Collard greens are very nutrient dense, much like kale, though they don’t get the same attention! I like to use them for collard wraps, which make an amazing vegan, gluten-free, plant-powered lunch!
Course lunch, Snack
Keyword collards, greens, wraps
Servings 1 -2 people (based on size of leaves and fillings)

Ingredients

  • 1-2 organic collard leaves (1-2 per person; can use more if leaves are small
  • 1/3 cup thick spread or dip to hold fillings ex: hummuswhat-amole, truffle-salted nut cheese

Fillings of choice:

  • raw vegetables: chopped cucumber chopped bell peppers, shredded lettuce, grated carrot, grated beet, sliced tomatoes (try to remove extra juices), minced fresh herbs (ex: basil, parsley, cilantro)
  • lightly steamed/broiled vegetables such as asparagus spears, chopped green beans, broccoli florets, sliced zucchini
  • roasted or cooked vegetables such as sweet potatoes, winter squash, white potatoes, beets, parsnip, cauliflower, grilled or roasted mushrooms
  • Condiments/preserved foods: Things that give a pop of flavor like olives capers, sun-dried tomatoes, kimchi (if you're a fan!), pickles, hot sauce, nutritional yeast, seasonings salts, etc
  • Seeds?

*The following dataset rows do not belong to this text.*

Definition y0 : 'rV[F]_n := \row_(j < n) zA ord0 ^+ j.

Lemma y0_DA : y0 \in DA.
Proof.
rewrite inE; apply/forall_inP => c; rewrite (cyclic_codeP n_gt0); last first.
  by rewrite AsetE => x /imsetP[k _ ->]; exact: zA_root.
have zA0 : zA ord0 \in Aset by rewrite AsetE imset_f.
move=> /forall_inP/(_ _ zA0)/eqP H.
by apply/eqP; rewrite -[RHS]H; apply: eq_bigr => j _; rewrite mxE.
Qed.

Lemma y0_neq0 : y0 != 0.
Proof.
by apply/eqP => /rowP/(_ (Ordinal n_gt0)); rewrite !mxE expr0 => /eqP; rewrite oner_eq0.
Qed.

(* Weight of dual codewords: y_j = a^j Q(g^j) with Q = sum_k lam_k x^(eA k)
   of size <= l + 1, and also (g^j)^(n-l) Q(g^j) = Q'(g^j) with Q' of size
   <= n - l + m; counting roots at the zero coordinates of y gives
   wt y >= n - l and wt y >= l - m + 1. *)
Lemma dual_form_wt y : dual_form y -> y != 0 ->
  (n - l <= wt y)%N /\ (l - m + 1 <= wt y)%N.
Proof.
case=> lam Hy yn0.
pose Q1 := sparse_poly eA lam.
pose eA' (k : 'I_m.+1) := if (k < m)%N then (nat_of_ord k + (n - l))%N else 0%N.
pose Q2 := sparse_poly eA' lam.
have yE j : y ord0 j = a ^+ j * Q1.[g ^+ j].
  rewrite Hy horner_sparse_poly mulr_sumr; apply: eq_bigr => k _.
  by rewrite /zA exprMn mulrCA (exprAC g).
have Q2E j : Q2.[g ^+ j] = (g ^+ j) ^+ (n - l) * Q1.[g ^+ j].
  rewrite !horner_sparse_poly mulr_sumr; apply: eq_bigr => k _.
  rewrite mulrCA -exprD /eA' /eA; case: ifP => km; first by rewrite addnC.
  by rewrite subnK ?prim_pow_root ?g_prim //; lia.
have Q1_neq0 : Q1 != 0.
  apply: contra yn0 => /eqP Q0; apply/eqP/rowP => j.
  by rewrite yE Q0 horner0 mulr0 mxE.
have Q1_root j : y ord0 j = 0 -> root Q1 (g ^+ j).
  by rewrite yE => /eqP; rewrite mulf_eq0 expf_eq0 (negbTE a_neq0) andbF.
have Q2_neq0 : Q2 != 0.
  apply: contra yn0 => /eqP Q0; apply/eqP/rowP => j; rewrite yE mxE.
  have /esym/eqP := Q2E j; rewrite Q0 horner0 mulf_eq0 expf_eq0 andbC.
  by rewrite !expf_eq0 (negbTE alpha_neq0) !andbF /= => /eqP ->; rewrite mulr0.
have Q2_root j : y ord0 j = 0 -> root Q2 (g ^+ j).
  by move=> /Q1_root /rootP Q1j; apply/rootP; rewrite Q2E Q1j mulr0.
have sQ1 : (size Q1 <= l.+1)%N.
  by apply: size_sparse_poly => k; rewrite /eA; case: ifP; lia.
have sQ2 : (size Q2 <= n - l + m)%N.
  by apply: size_sparse_poly => k; rewrite /eA'; case: ifP; lia.
have := wt_root_bound g_pow_inj Q1_neq0 Q1_root sQ1.
have := wt_root_bound g_pow_inj Q2_neq0 Q2_root sQ2.
lia.
Qed.

Lemma DA_wt_bounds : (n - l <= min_dist DA)%N /\ (l - m + 1 <= min_dist DA)%N.
Proof.
split; apply: min_dist_ge; try lia; move=> y /DA_dual_form yr yn0;
  by have [] := dual_form_wt yr yn0.
Qed.

Lemma mulzAg_AB k (j : 'I_(delta - 1)) : zA k * g ^+ j \in set_mul Aset Bset.
Proof.
apply/imset2P; exists (zA k) (g ^+ j) => //; first by rewrite AsetE imset_f.
by rewrite BsetE; apply/imsetP; exists j.
Qed.
(* Let $A$ be a densely defined closed operator in a complex Hilbert space $\mathcal{H}$ such that $\operatorname{Num}(A)$ has an interior point, $\operatorname{Num}(A)\neq\mathbb{C}$, $\operatorname{D}(A)\subset\operatorname{D}(A^* )$ and $\sigma(A)\subset\overline{\operatorname{Num}}(A)$. If $\lambda\in\partial\operatorname{Num}(A)$ is a point of unilateral infinite curvature of $\partial\overline{\operatorname{Num}}(A)$, then $\lambda\in\sigma_{ap}(A)$.
   Context: $\operatorname{Num}(A)=\{\langle Af,f\rangle: f\in\operatorname{D}(A),\|f\|=1\}$, $\overline{\operatorname{Num}}(A)$ its closure. Approximate point spectrum: $\sigma_{ap}(A)=\{\lambda\in\mathbb{C}:\exists (u_n)\subset\operatorname{D}(A),\ \|u_n\|=1,\ (A-\lambda)u_n\to0\}$. Curvature conventions. Let $\Omega\subset\mathbb{C}$ be a closed convex set with nonempty interior and $\lambda\in\partial\Omega$. There is at least one supporting line of $\Omega$ through $\lambda$; $\lambda$ is called a corner point if there is more than one. If $\lambda$ is a corner point, $\Omega$ lies in a closed sector with vertex $\lambda$ and semivertical angle $<\pi/2$; take the smallest such sector and let $l_\lambda$ be the supporting line through $\lambda$ orthogonal to the axis of this sector; otherwise $l_\lambda$ is the unique supporting line. Use rectangular coordinates $(\xi,\eta)$ with origin at $\lambda$, $\xi$-axis equal to $l_\lambda$, oriented so that $\Omega\subset\{\eta\ge 0\}$. Let $D'_\varepsilon=\{(\xi,\eta):\xi^2+\eta^2\le\varepsilon^2,\ \xi\neq 0\}$. Define $\gamma_u^+(\lambda)=\lim_{\varepsilon\downarrow 0}\sup\{\eta/\xi^2:(\xi,\eta)\in\partial\Omega\cap D'_\varepsilon,\ \xi>0\}$ and $\gamma_l^+(\lambda)$ the same with $\inf$ in place of $\sup$; $\gamma_u^-(\lambda),\gamma_l^-(\lambda)$ are defined analogously with $\xi<0$. Set $\gamma_u(\lambda)=\max(\gamma_u^+(\lambda),\gamma_u^-(\lambda))$, $\gamma_l(\lambda)=\min(\gamma_l^+(\lambda),\gamma_l^-(\lambda))$. The point $\lambda$ is of infinite upper curvature if $\gamma_u(\lambda)=\infty$, and of unilateral infinite curvature if $\gamma_l^+(\lambda)=\infty$ or $\gamma_l^-(\lambda)=\infty$. For an operator $A$, these notions at $\lambda\in\partial\operatorname{Num}(A)$ refer to $\Omega=\overline{\operatorname{Num}}(A)$. *)

From Stdlib Require Import Reals.
Open Scope R_scope.

Record cplx := mkC { Cre : R; Cim : R }.
Definition C0 : cplx := mkC 0 0.
Definition C1 : cplx := mkC 1 0.
Definition Ci : cplx := mkC 0 1.
Definition Cadd (z w : cplx) : cplx := mkC (Cre z + Cre w) (Cim z + Cim w).
Definition Copp (z : cplx) : cplx := mkC (- Cre z) (- Cim z).
Definition Csub (z w : cplx) : cplx := Cadd z (Copp w).
Definition Cmul (z w : cplx) : cplx :=
  mkC (Cre z * Cre w - Cim z * Cim w) (Cre z * Cim w + Cim z * Cre w).
Definition Cconj (z : cplx) : cplx := mkC (Cre z) (- Cim z).
Definition Cmod (z : cplx) : R := sqrt (Cre z ^ 2 + Cim z ^ 2).

(* inner product: linear in the first argument, conjugate-linear in the second *)
Record HilbertSpace := {
  hcarrier :> Type;
  hadd : hcarrier -> hcarrier -> hcarrier;
  hzero : hcarrier;
  hopp : hcarrier -> hcarrier;
  hscal : cplx -> hcarrier -> hcarrier;
  inner : hcarrier -> hcarrier -> cplx;
  hadd_assoc : forall x y z, hadd x (hadd y z) = hadd (hadd x y) z;
  hadd_comm : forall x y, hadd x y = hadd y x;
  hadd_zero : forall x, hadd x hzero = x;
  hadd_opp : forall x, hadd x (hopp x) = hzero;
  hscal_one : forall x, hscal C1 x = x;
  hscal_assoc : forall a b x, hscal a (hscal b x) = hscal (Cmul a b) x;
  hscal_addv : forall a x y, hscal a (hadd x y) = hadd (hscal a x) (hscal a y);
  hscal_adds : forall a b x, hscal (Cadd a b) x = hadd (hscal a x) (hscal b x);
  inner_add_l : forall x y z, inner (hadd x y) z = Cadd (inner x z) (inner y z);
  inner_scal_l : forall a x y, inner (hscal a x) y = Cmul a (inner x y);
  inner_conj_sym : forall x y, inner y x = Cconj (inner x y);
  inner_pos : forall x, 0 <= Cre (inner x x);
  inner_def : forall x, inner x x = C0 -> x = hzero;
  hcomplete : forall u : nat -> hcarrier,
    (forall eps, 0 < eps -> exists N, forall n m, (N <= n)%nat -> (N <= m)%nat ->
        sqrt (Cre (inner (hadd (u n) (hopp (u m))) (hadd (u n) (hopp (u m))))) < eps) ->
    exists l, forall eps, 0 < eps -> exists N, forall n, (N <= n)%nat ->
        sqrt (Cre (inner (hadd (u n) (hopp l)) (hadd (u n) (hopp l)))) < eps
}.

Arguments hadd {h}. Arguments hzero {h}. Arguments hopp {h}.
Arguments hscal {h}. Arguments inner {h}.

Definition hsub {Hs : HilbertSpace} (x y : Hs) : Hs := hadd x (hopp y).
Definition hnorm {Hs : HilbertSpace} (x : Hs) : R := sqrt (Cre (inner x x)).
Definition hconv {Hs : HilbertSpace} (u : nat -> Hs) (l : Hs) : Prop :=
  forall eps, 0 < eps -> exists N, forall n, (N <= n)%nat -> hnorm (hsub (u n) l) < eps.

(* An operator is a pair (D, A): D : H -> Prop is the domain, A : H -> H,
   whose values outside D are irrelevant. *)
Definition is_lin_op {Hs : HilbertSpace} (D : Hs -> Prop) (A : Hs -> Hs) : Prop :=
  D hzero /\
  (forall x y, D x -> D y -> D (hadd x y)) /\
  (forall a x, D x -> D (hscal a x)) /\
  (forall x y, D x -> D y -> A (hadd x y) = hadd (A x) (A y)) /\
  (forall a x, D x -> A (hscal a x) = hscal a (A x)).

Nuts? If you want to add some crunch try pumpkin seeds, chopped nuts, or nut-free parm
  • cooked grains such as brown rice, jasmine rice, quinoa, millet, buckwheat
  • Cooked beans such as lentils, chickpeas, black beans, kidney beans, white beans
  • cubed or sliced avocado

Instructions

  • Choose your collard leaf/leaves. Select ones that are large enough to fill and roll, and also preferably without any tears or holes.
  • Trim the stalk. About halfway down the leaf the stalk begins to thicken. Use a paring knife and carefully trim under that thick portion to the base, to remove all that heavy stalk. The leaf will be easier to roll - and chew!
  • If you've steamed the leaf (see note), lightly dry it! Use a paper towel and dab off extra moisture. Otherwise, the collard will be slippery for rolling and messier to eat.
  • Add your fillings! The fun part! Start with a base to "hold" the fillings - hummus, a nut cheese, thick bean dip, slather of tahini - whatever you like.As long as it's fairly thick to help hold some fillings. Then, sprinkle on your remaining fillings, judging on the size of your leaf.
  • Wrap and roll! Starting at the edge, begin to roll your wrap. As you go, tuck in the sides and continue to roll. If, after rolling, you'd like more fillings, you can usually open it up and tuck in a few extra goodies.
  • Slice in half and serve.

Notes

Fillings Note: Generally, I like to pair a balance of some fresh/salty/pungent/sweet flavors in a wrap. So, with a spread of hummus, I might then add the broiled zukes and chopped cukes and bell peppers (fresh), then some olives (salty/pungent), and roasted sweet spuds or avocado (sweet). You can play up whatever filling you like. Once you get started, you'll get the idea and not need to measure or even read the recipe! Steaming
Note: Raw or steamed? I like to steam my collard briefly leaves … in my kettle! With steaming, the leaf becomes more pliable to roll, but is more delicate. I prefer the flavor with that very brief steaming. That 10-20 seconds of steam change the texture and flavor!
Kale Note: If you have very large kale leaves, you can use those too. Most kale leaves are not quite as large as collards, but you can certainly do smaller ones and fill a bunch! You can also use lettuce leaves for wraps. They aren't nearly as sturdy, however, so fill lightly - and don't steam the leaves.
Sushi Style: Try slicing into sushi-style rolls (this will be easier with firmer collard greens)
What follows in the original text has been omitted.